Del mismo modo, la naturaleza del genio ha sido esclarecida por los intentos, de los que ya hice mención, de clasificarlo junto con los fenómenos psicopáticos. La locura fronteriza, la excentricidad, el temperamento insano, la pérdida del equilibrio mental, la degeneración psicopática (por usar algunos de los muchos sinónimos con los que se la ha llamado), posee ciertas peculiaridades y propensiones que, cuando se combinan con una cualidad superior de intelecto en un individuo, hacen más probable que este deje su impronta y afecte a su época, que si su temperamento fuera menos neurótico.

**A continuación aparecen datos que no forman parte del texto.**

(* Let $L$ be a positive integer and let $a,b,s$ be integers with $a\mid L$, $b\mid L$, $0\le s<b$, $s\in\frac{ab}{\gcd(ab,L)}\mathbb{Z}$; let $\Lambda=\begin{pmatrix} a&0\\ s&b\end{pmatrix}\mathbb{Z}_L^2$, $\lambda_2=b/\gcd(b,s)$, $\tilde a=\lambda_2a$, and let $\tilde\Lambda$ be the subgroup of $\mathbb{Z}_L^2$ generated by $(\tilde a,0)^T$ and $(0,b)^T$. Let $g\in\mathbb{C}^L$ and for $0\le m<\lambda_2$ put $g_m=\mathbf M_{ms\bmod b}\mathbf T_{ma}g$. Then for all $f\in\mathbb{C}^L$ $$\mathbf S_{g,\Lambda}f=\sum_{m=0}^{\lambda_2-1}\mathbf S_{g_m,\tilde\Lambda}f .$$ Moreover, for all $f\in\mathbb{C}^L$, $n\in\{0,\dots,L/a-1\}$ and $k\in\{0,\dots,L/b-1\}$, writing $\tilde n=\lfloor n/\lambda_2\rfloor$ and $m=n-\lambda_2\tilde n$, $$\langle f,\mathbf M_{kb+(ms\bmod b)}\mathbf T_{na}g\rangle=e^{-2\pi i\tilde n\tilde a(ms\bmod b)/L}\,\langle f,\mathbf M_{kb}\mathbf T_{\tilde n\tilde a}g_m\rangle .$$
   Context: Signals are vectors in $\mathbb{C}^L$ indexed by $\mathbb{Z}_L$, with $\langle f,h\rangle=\sum_{l=0}^{L-1}f(l)\overline{h(l)}$. $\mathbf T_xf(l)=f(l-x)$ (indices mod $L$), $\mathbf M_\omega f(l)=e^{2\pi il\omega/L}f(l)$, and $\pi(x,\omega)=\mathbf M_\omega\mathbf T_x$. For $h\in\mathbb{C}^L$ and a subgroup $\Gamma\le\mathbb{Z}_L^2$, the frame operator is $\mathbf S_{h,\Gamma}f=\sum_{(x,\omega)^T\in\Gamma}\langle f,\pi(x,\omega)h\rangle\,\pi(x,\omega)h$. $A\mathbb{Z}_L^2=\{Az\bmod L:z\in\mathbb{Z}_L^2\}$. *)

From HB Require Import structures.
From mathcomp Require Import all_boot all_order all_algebra.
From mathcomp Require Import reals trigo.
From mathcomp Require Import complex.
Set Implicit Arguments. Unset Strict Implicit. Unset Printing Implicit Defensive.
Import GRing.Theory Num.Theory.
Local Open Scope ring_scope.
Local Open Scope complex_scope.
(* Let $n\ge 1$ be an integer and let $\alpha_0,\ldots,\alpha_{2n+1},\eta\in\mathbb{C}$ with $\sum_{i=0}^{2n+1}\alpha_i=1$. Consider the Hamiltonian system \[ \frac{dx_i}{dt}=\frac{\partial H}{\partial y_i},\qquad \frac{dy_i}{dt}=-\frac{\partial H}{\partial x_i},\qquad i=0,\ldots,n, \] with Hamiltonian \[ H=\frac1t\sum_{i=0}^{n}\Big\{\tfrac12 x_i^2y_i^2-\alpha_{2i+2}^{2n-2i-1}x_iy_i+\sum_{j=0}^{i-1}x_i(x_iy_i+\alpha_{2i+1})y_j\Big\}+\frac{1}{1-t}\sum_{i=0}^{n}\sum_{j=0}^{n}x_i(x_iy_i+\alpha_{2i+1})y_j , \] where the dependent variables satisfy $\sum_{i=0}^n x_iy_i+\eta=0$. Then this system admits the specialization $y_i=0$ $(i=0,\ldots,n)$, $\eta=0$ (i.e. with $\eta=0$, setting $y_0=\cdots=y_n\equiv0$ is compatible with the system), and under this specialization the vector $\mathbf{x}={}^t(x_0,\ldots,x_n)$ satisfies the linear system on $\mathbb{P}^1(\mathbb{C})$ \[ \frac{d\mathbf{x}}{dt}=\Big(\frac{A_0}{t}+\frac{A_1}{1-t}\Big)\mathbf{x}, \] with \[ A_0=\sum_{i=0}^{n-1}\big(-\alpha_{2i+2}^{2n-2i-1}\big)E_{i,i}+\sum_{i=0}^{n-1}\sum_{j=i+1}^{n}\alpha_{2j+1}E_{i,j},\qquad A_1=\sum_{i=0}^{n}\sum_{j=0}^{n}\alpha_{2j+1}E_{i,j}. \] Furthermore this linear system is of Fuchsian type with regular singular points at $t=0,1,\infty$, and the eigenvalues of its residue matrices are: $-\alpha_2^{2n-1},-\alpha_4^{2n-3},\ldots,-\alpha_{2n}^{1},0$ at $t=0$; $0,\ldots,0$ ($n$ times), $-\sum_{i=0}^n\alpha_{2i+1}$ at $t=1$; $\alpha_1^{2n},\alpha_3^{2n-2},\ldots,\alpha_{2n-1}^{2},\alpha_{2n+1}$ at $t=\infty$.
   Context: Indices of the parameters $\alpha_i$ are taken modulo $2n+2$. For integers $k,l$, $\alpha_k^l=0$ if $l<0$ and $\alpha_k^l=\sum_{i=k}^{k+l}\alpha_i$ if $l\ge0$. $E_{i,j}=(\delta_{i,k}\delta_{j,l})_{k,l=0}^{n}$ denotes the $(n+1)\times(n+1)$ matrix unit (rows and columns indexed $0,\ldots,n$). *)

From HB Require Import structures.
From mathcomp Require Import all_boot all_order all_algebra.
From mathcomp Require Import mpoly.
Set Implicit Arguments. Unset Strict Implicit. Unset Printing Implicit Defensive.
Import Order.TTheory GRing.Theory Num.Theory.
Local Open Scope ring_scope.

Section Defs.
Variable K : numClosedFieldType.
Variable n : nat.

(* parameters alpha_0, ..., alpha_{2n+1}; indices taken modulo 2n+2 *)
Definition aidx (a : 'I_(n.*2.+2) -> K) (k : nat) : K := a (inZp k).
(* Let $r_2\geq 3$ be an odd integer. Then there is no graph with parameters $(r_2,r_3)$ for any integer $r_3$ with $\binom{r_2-1}{2}<r_3<\binom{r_2}{2}$. Moreover, $K_{r_2+1}$ has parameters $(r_2,\binom{r_2}{2})$ and $K_{r_2}\square K_2$ has parameters $(r_2,\binom{r_2-1}{2})$.
   Context: All graphs are finite, simple and undirected. The $K_3$-degree of a vertex $v$ is the number of triangles containing $v$. A graph $G$ has parameters $(r_2,r_3)$ if every vertex has degree $r_2$ and every vertex has $K_3$-degree $r_3$. $K_n$ is the complete graph on $n$ vertices. The Cartesian product $G_1\square G_2$ has vertex set $V(G_1)\times V(G_2)$, with $(u,v)$ and $(u',v')$ adjacent iff either $u=u'$ and $vv'\in E(G_2)$, or $v=v'$ and $uu'\in E(G_1)$. *)

From mathcomp Require Import all_boot.
Set Implicit Arguments. Unset Strict Implicit. Unset Printing Implicit Defensive.

Definition simple_graph (T : finType) (e : rel T) : Prop :=
  symmetric e /\ irreflexive e.

Definition nbhd (T : finType) (e : rel T) (v : T) : {set T} := [set w | e v w].
Definition degree (T : finType) (e : rel T) (v : T) : nat := #|nbhd e v|.

(* K3-degree: number of triangles containing v, i.e. number of 2-subsets
   {x,y} of the neighbourhood of v with x ~ y. *)
Definition k3_degree (T : finType) (e : rel T) (v : T) : nat :=
  #|[set S : {set T} | [&& #|S| == 2, S \subset nbhd e v &
        [forall x in S, forall y in S, (x != y) ==> e x y]]]|.

Definition has_params (T : finType) (e : rel T) (r2 r3 : nat) : Prop :=
  forall v : T, degree e v = r2 /\ k3_degree e v = r3.

Definition complete_rel (n : nat) : rel 'I_n := fun x y => x != y.

Definition cart_rel (T1 T2 : finType) (e1 : rel T1) (e2 : rel T2) : rel (T1 * T2) :=
  fun u v => ((u.1 == v.1) && e2 u.2 v.2) || ((u.2 == v.2) && e1 u.1 v.1).
Arguments complete_rel n : clear implicits.

From mathcomp Require Import all_boot zify.
Set Implicit Arguments. Unset Strict Implicit. Unset Printing Implicit Defensive.

(* Let k be the common degree and q = k(k-1) - 2 r3, twice the number of
   non-adjacent pairs inside any neighbourhood; the range of r3 means
   0 < q < 2(k-1).  Fix a vertex v.  For a neighbour u of v, regularity gives
   |N(u) \ N[v]| = |N(v) \ N[u]|.  If some t outside N[v] sees m vertices of N(v)
   with 0 < m < k, counting non-adjacent pairs in N(t) and N(v) (when m >= 2), or
   in N(u) for the unique common neighbour u (when m = 1), gives q >= 2(k-1).
   Otherwise every such t sees all of N(v) or nothing of it, so all u in N(v) have
   the same number d of non-neighbours in N(v) and q = k d; as q is even and k odd,
   d >= 2 and q >= 2k. *)

Lemma double_count (I J : finType) (X : {set I}) (Y : {set J}) (r : I -> J -> bool) :
  \sum_(x in X) #|[set y in Y | r x y]| = \sum_(y in Y) #|[set x in X | r x y]|.
Proof.
have cardE (K : finType) (Z : {set K}) (P : pred K) :
    #|[set z in Z | P z]| = \sum_(z in Z) P z.
  rewrite -sum1_card [RHS]big_mkcond [LHS]big_mkcond /=; apply: eq_bigr => z _.
  by rewrite inE; case: (z \in Z); case: (P z).
under eq_bigr do rewrite cardE.
by rewrite exchange_big /=; apply: eq_bigr => y _; rewrite cardE.
Qed.

Section Counting.
Variables (T : finType) (e : rel T).

Definition edges_in (A : {set T}) : {set {set T}} :=
  [set S : {set T} | [&& #|S| == 2, S \subset A &
        [forall x in S, forall y in S, (x != y) ==> e x y]]].

Definition clique (A : {set T}) := {in A &, forall x y, x != y -> e x y}.

(* The prefix anti_ refers to the complement of the subgraph induced on A. *)
Definition deg_in (A : {set T}) a := #|[set b in A | (b != a) && e a b]|.
Definition anti_nbrs (A : {set T}) a := [set b in A | (b != a) && ~~ e a b].
Definition anti_deg (A : {set T}) a := #|anti_nbrs A a|.
Definition anti_vol (A : {set T}) := \sum_(a in A) anti_deg A a.
Definition anti_cross (B C : {set T}) := \sum_(b in B) #|[set c in C | ~~ e b c]|.

Lemma k3_degreeE v : k3_degree e v = #|edges_in (nbhd e v)|.
Proof. by []. Qed.

Lemma edges_inP (A S : {set T}) :
  reflect (exists x y, [/\ x != y, [set x; y] \subset A, e x y, e y x & S = [set x; y]])
          (S \in edges_in A).
Proof.
rewrite inE; apply: (iffP and3P) => [[/cards2P[x [y [xy defS]]] sSA /forall_inP adjS]|].
  have adj u w : u \in S -> w \in S -> u != w -> e u w.
    by move=> uS wS; apply/implyP; exact: (forall_inP (adjS u uS) w wS).
  exists x, y; rewrite -defS; split=> //; apply: adj; rewrite ?defS ?inE ?eqxx ?orbT //.
  by rewrite eq_sym.
case=> x [y [xy sA exy eyx ->]]; split=> //; first by rewrite cards2 xy.
apply/forall_inP => u; rewrite !inE => /orP[]/eqP->; apply/forall_inP => w;
  by rewrite !inE => /orP[]/eqP->; rewrite ?eqxx ?exy ?eyx ?implybT.
Qed.

Lemma card_edges_in_clique (A : {set T}) : clique A -> #|edges_in A| = 'C(#|A|, 2).
Proof.
move=> clA; rewrite -cards_draws; apply: eq_card => S; rewrite !inE andbC -andbA.
apply: andb_id2l => sSA; apply: andb_idl => _.
apply/forall_inP => x xS; apply/forall_inP => y yS; apply/implyP.
by apply: clA; apply: (subsetP sSA).
Qed.

Lemma edges_in_setU1_isolated x (A : {set T}) :
  {in A, forall y, ~~ e x y} -> edges_in (x |: A) = edges_in A.
Proof.
move=> isox; apply/setP => S; apply/edges_inP/edges_inP => -[y [z [yz sA eyz ezy ->]]];
  exists y, z; split=> //; last by apply: subset_trans sA (subsetU1 x A).
have inA u w : u \in x |: A -> w \in x |: A -> u != w -> e u w -> u \in A.
  rewrite !inE => /orP[/eqP-> | //] /orP[/eqP-> | wA]; first by rewrite eqxx.
  by move=> _ exw; have := isox w wA; rewrite exw.
move: sA; rewrite !subUset !sub1set => /andP[yxA zxA].
by rewrite (inA y z) ?(inA z y) // eq_sym.
Qed.

Lemma anti_deg_add_deg_in (A : {set T}) a : a \in A -> anti_deg A a + deg_in A a = #|A|.-1.
Proof.
move=> aA; rewrite (cardsD1 a A) aA -(cardsID [set b | e a b] (A :\ a)).
rewrite [LHS]addnC; congr (_ + _); apply: eq_card => b; rewrite !inE.
  by rewrite andbCA andbA.
by case: (b \in A); case: (b != a); case: (e a b).
Qed.

Lemma anti_deg_sub (S M : {set T}) u : M \subset S -> u \in M ->
  anti_deg S u = anti_deg M u + #|[set c in S :\: M | ~~ e u c]|.
Proof.
move=> sMS uM; rewrite /anti_deg -(cardsID M (anti_nbrs S u)).
congr (_ + _); apply: eq_card => c; rewrite !inE.
  by case cM: (c \in M); rewrite ?andbF // andbT (subsetP sMS _ cM).
case cM: (c \in M) => //=; case: eqVneq => [cu | _] //.
by rewrite cu uM in cM.
Qed.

No existe por supuesto ninguna afinidad especial entre la excentricidad como tal y el intelecto superior, pues la mayoría de los psicópatas tienen intelectos débiles, y los intelectos superiores más comúnmente poseen sistemas nerviosos normales. Pero el temperamento psicopático, sea cual fuere el intelecto con el que se encuentre emparejado, a menudo trae consigo ardor y excitabilidad de carácter. La persona excéntrica tiene una susceptibilidad emocional extraordinaria. Es propensa a las ideas fijas y a las obsesiones. Sus concepciones tienden a pasar inmediatamente a la creencia y a la acción; y cuando le asalta una nueva idea, no halla reposo hasta proclamarla, o de algún modo «darle salida».

«¿Qué debo pensar de esto?», se dice a sí mismo una persona común ante una cuestión debatida, pero en una mente «excéntrica» la forma que la pregunta tiende a adoptar es: «¿Qué debo hacer al respecto?».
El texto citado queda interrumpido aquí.